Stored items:
□ □ □ □ □ □ □
Lemma transferE g l1 l2 m t v xa xb ya yb :
  transfer g l1 l2 m t v xa xb ya yb = transfer_table g l1 l2 m t v xa xb ya yb.
Proof.
rewrite /transfer !sum_ord2.
by have [->|->] := ord2P t; have [->|->] := ord2P xa; have [->|->] := ord2P xb;
  have [->|->] := ord2P ya; have [->|->] := ord2P yb; rewrite /transfer_table /Rmat /=; ring.
Qed.

Ltac seed_stable_by_table :=
  move=> m xa xb ya yb;
  have [->|->] := ord2P xa; have [->|->] := ord2P xb;
  have [->|->] := ord2P ya; have [->|->] := ord2P yb;
  split; rewrite /seed !transferE /transfer_table /= ?transferE /transfer_table /Kvec /Kdiag /=;
  sinh_field.

Lemma seed_stable_mu g h m0 :
  seed_stable g h m0 m0
    (fun m => csinh (m0 - g - m) * csinh (m0 - g + m) * csinh (m0 - m + g) * csinh (m0 + m + g))
    (fun m => csinh (m0 - g - m) * csinh (m0 - g + m) * csinh (m0 + m + g) * csinh g)
    (fun m => csinh (m0 - m) * csinh (m0 - g - m) * csinh (m0 - g + m) * csinh (m0 + m + g)).
Proof. seed_stable_by_table. Qed.

Lemma seed_stable_neg_mu g h m0 :
  seed_stable g h m0 (- m0 - g)
    (fun m => csinh (m0 - g - m) * csinh (m0 - g + m) * csinh (- m0 - g - m) * csinh (- m0 - g + m))
    (fun m => - (csinh (m0 - g - m) * csinh (m0 - g + m) * csinh (- m0 - g - m) * csinh g))
    (fun m => csinh (m0 - g - m) * csinh (m0 - g + m) * csinh (- m0 - g - m) * csinh (- m0 + m)).
Proof. seed_stable_by_table. Qed.
Lemma cont_wrt_mult (f g : T -> C) x :
  cont_wrt f x -> cont_wrt g x -> cont_wrt (fun y => f y * g y)%C x.
Proof.
  intros Hf Hg eps Heps.
  set (A := Cmod (f x)). set (B := Cmod (g x)).
  assert (HA : 0 <= A) by apply Cmod_ge_0. assert (HB : 0 <= B) by apply Cmod_ge_0.
  set (e := Rmin 1 (eps / (2 * (1 + A + B)))).
  assert (He : 0 < e) by (apply Rmin_pos; [lra| apply Rdiv_lt_0_compat; lra]).
  assert (He1 : e <= 1) by apply Rmin_l.
  assert (He2 : e * (1 + A + B) <= eps / 2).
  { assert (e <= eps / (2 * (1 + A + B))) by apply Rmin_r.
    apply (Rmult_le_compat_r (1 + A + B)) in H; [|lra]. field_simplify in H; lra. }
  destruct (Hf e He) as [d1 [Hd1 H1]].
  destruct (Hg e He) as [d2 [Hd2 H2]].
  exists (Rmin d1 d2). split; [apply Rmin_pos; auto|]. intros y Hy.
  specialize (H1 y (Rlt_le_trans _ _ _ Hy (Rmin_l _ _))).
  specialize (H2 y (Rlt_le_trans _ _ _ Hy (Rmin_r _ _))).
  replace (f y * g y - f x * g x)%C with
    ((f y - f x) * (g y - g x) + (f y - f x) * g x + f x * (g y - g x))%C by ring.
  eapply Rle_lt_trans; [apply Cmod_triangle|].
  eapply Rle_lt_trans; [apply Rplus_le_compat_r; apply Cmod_triangle|].
  rewrite !Cmod_mult. fold A B.
  pose proof (Cmod_ge_0 (f y - f x)%C). pose proof (Cmod_ge_0 (g y - g x)%C).
  assert (Cmod (f y - f x) * Cmod (g y - g x) <= e * 1) by (apply Rmult_le_compat; lra).
  assert (Cmod (f y - f x) * B <= e * B) by (apply Rmult_le_compat_r; lra).
  assert (A * Cmod (g y - g x) <= A * e) by (apply Rmult_le_compat_l; lra).
  nra.
Qed.

Lemma cont_wrt_pow (f : T -> C) x n : cont_wrt f x -> cont_wrt (fun y => f y ^ n)%C x.
Proof.
  intros Hf. induction n as [|n IH]; simpl.
  - apply cont_wrt_const.
  - apply cont_wrt_mult; auto.
Qed.

End ContinuityWrt.

Notation ccont := (cont_wrt (fun y z : C => Cmod (y - z))).
Notation pcont := (cont_wrt (fun s t : R => Rabs (s - t))).
Notation pcont2 := (cont_wrt (fun p q : R * R => Rmax (Rabs (fst p - fst q)) (Rabs (snd p - snd q)))).

Lemma cont_wrt_comp {T : Type} (dist : T -> T -> R) (F : C -> C) (f : T -> C) x :
  ccont F (f x) -> cont_wrt dist f x -> cont_wrt dist (fun y => F (f y)) x.
Proof.
  intros HF Hf eps Heps. destruct (HF eps Heps) as [d [Hd H']].
  destruct (Hf d Hd) as [d2 [Hd2 H2]]. exists d2; split; auto.
Qed.

Lemma pcont2_fst (p : R -> C) u v : pcont p u -> pcont2 (fun q => p (fst q)) (u, v).
Proof.
  intros H eps Heps. destruct (H eps Heps) as [d [Hd H']]. exists d; split; auto.
  intros [a b] Hab. apply H'. eapply Rle_lt_trans; [apply Rmax_l|exact Hab].
Qed.

Lemma pcont2_snd (p : R -> C) u v : pcont p v -> pcont2 (fun q => p (snd q)) (u, v).
Proof.
  intros H eps Heps. destruct (H eps Heps) as [d [Hd H']]. exists d; split; auto.
  intros [a b] Hab. apply H'. eapply Rle_lt_trans; [apply Rmax_r|exact Hab].
Qed.

Lemma pcont_fst_continuous (f : R -> C) t : pcont f t -> continuous (fun s => fst (f s)) t.
Proof.
  intros H. apply continuity_pt_filterlim.
  intros eps Heps. destruct (H eps Heps) as [d [Hd H']]. exists d. split; auto.
  intros x [_ Hx]. eapply Rle_lt_trans; [apply (fst_le_Cmod (f x - f t)) | apply (H' x Hx)].
Qed.
(* Let $\mathbf G$ be a simplicial group with Moore complex $\mathbf{NG}$, and suppose $G_3=D_3$, the subgroup of $G_3$ generated by degenerate elements. For $a,b\in NG_1$ put $\omega(a,b)=s_0a\,s_1b\,s_0a^{-1}\,s_1a\,s_1b^{-1}\,s_1a^{-1}\in NG_2$. Let $P_3(\partial_1)\subseteq NG_1$ be the subgroup generated by $\langle x,\langle y,z\rangle\rangle$ and $\langle\langle x,y\rangle,z\rangle$ ($x,y,z\in NG_1$), where $\partial_1=d_1|_{NG_1}:NG_1\to NG_0=G_0$ and $\langle x,y\rangle={}^{\partial_1x}y\,xy^{-1}x^{-1}$ (with $G_0$ acting on $NG_1$ by ${}^{g}y=s_0(g)ys_0(g)^{-1}$), and let $P_3'(\partial_1)\subseteq NG_2/\partial_3NG_3$ be the subgroup generated by the classes of $\omega(\langle x,y\rangle,z)$ and $\omega(x,\langle y,z\rangle)$. Set $M=NG_1/P_3(\partial_1)$, $L=(NG_2/\partial_3NG_3)/P_3'(\partial_1)$, $N=NG_0$, with quotient maps $q_1:NG_1\to M$, $q_2:NG_2/\partial_3NG_3\to L$. Let $\partial:M\to N$ be induced by $d_1$, $\delta:L\to M$ by $d_2$, and let $\omega:C\otimes C\to L$, $C=(M^{cr})^{ab}$, be given by $\omega(\overline{q_1x}\otimes\overline{q_1y})=q_2(\overline{\omega(x,y)})$ for $x,y\in NG_1$. Then these maps are well defined and, with the actions of $N$ induced by conjugation by degeneracies of elements of $G_0$, $C\otimes C\xrightarrow{\omega}L\xrightarrow{\delta}M\xrightarrow{\partial}N$ is a quadratic module.
   Context: For a simplicial group $\mathbf G$ with faces $d_i$ and degeneracies $s_i$, the Moore complex is $NG_n=\bigcap_{i=0}^{n-1}\ker d_i^n$ with $\partial_n=d_n^n|_{NG_n}:NG_n\to NG_{n-1}$; $\partial_3NG_3$ is normal in $NG_2$. A pre-crossed module is a homomorphism $\partial:M\to N$ with an $N$-action on $M$ such that $\partial({}^{n}m)=n\partial(m)n^{-1}$; Peiffer commutator $\langle x,y\rangle={}^{\partial x}y\,xy^{-1}x^{-1}$; $P_2(\partial)$ the subgroup generated by Peiffer commutators; a nil(2)-module is a pre-crossed module in which all length-3 Peiffer commutators $\langle\langle x,y\rangle,z\rangle,\langle x,\langle y,z\rangle\rangle$ are trivial; $M^{cr}=M/P_2(\partial)$; $G^{ab}=G/[G,G]$; $C\otimes C$ is the tensor product of abelian groups; $x\mapsto\bar x$ denotes $M\to C$. A quadratic module $(\omega,\delta,\partial)$ is a diagram of homomorphisms $C\otimes C\xrightarrow{\omega}L\xrightarrow{\delta}M\xrightarrow{\partial}N$, with $w:C\otimes C\to M$, such that: QM1 $\partial$ is a nil(2)-module, $C=(M^{cr})^{ab}$, $w(\bar x\otimes\bar y)=\langle x,y\rangle$; QM2 $\partial\delta=1$ and $\delta\omega=w$; QM3 $L$ is an $N$-group, all maps are $N$-equivariant and ${}^{\partial x}a=\omega((\bar x\otimes\overline{\delta a})(\overline{\delta a}\otimes\bar x))a$ for $a\in L,x\in M$; QM4 $\omega(\overline{\delta a}\otimes\overline{\delta b})=[b,a]$ for $a,b\in L$. *)

From HB Require Import structures.
From mathcomp Require Import all_boot ssralg.

Set Implicit Arguments.
Unset Strict Implicit.
Unset Printing Implicit Defensive.

Local Open Scope group_scope.

Definition gcomm (G : groupType) (x y : G) : G := x * y * x^-1 * y^-1.

Definition is_subgroup (G : groupType) (H : G -> Prop) : Prop :=
  [/\ H 1, (forall x y, H x -> H y -> H (x * y)) & (forall x, H x -> H x^-1)].

Definition gen_by (G : groupType) (S : G -> Prop) (x : G) : Prop :=
  forall H : G -> Prop, is_subgroup H -> (forall y, S y -> H y) -> H x.

Definition commutator_subgroup (G : groupType) : G -> Prop :=
  gen_by (fun z => exists a b : G, z = gcomm a b).

Definition is_hom (G H : groupType) (f : G -> H) : Prop :=
  forall x y, f (x * y) = f x * f y.

(* [q] restricted to the subgroup [H] of [G] is a surjective homomorphism
   onto [Q] whose kernel is [K]; i.e. [Q] is (a model of) the quotient H/K
   and [q] the quotient map. *)
Definition is_quotient_map (G Q : groupType) (H K : G -> Prop) (q : G -> Q)
  : Prop :=
  [/\ (forall x y, H x -> H y -> q (x * y) = q x * q y),
      (forall m : Q, exists2 x, H x & q x = m) &
      (forall x, H x -> (q x = 1 <-> K x))].

Definition is_abelianization (G : groupType) (C : zmodType) (c : G -> C)
  : Prop :=
  [/\ (forall x y, c (x * y) = (c x + c y)%R),
      (forall m : C, exists x, c x = m) &
      (forall x, c x = 0%R <-> commutator_subgroup x)].

Definition biadditive (C A : zmodType) (f : C -> C -> A) : Prop :=
  (forall a a' b, f (a + a')%R b = (f a b + f a' b)%R) /\
  (forall a b b', f a (b + b')%R = (f a b + f a b')%R).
□ □ □ □ □ □ □
Problem to work on ::
Total lines holding "From" in the records: report this figure alone.

Exercise output ::
2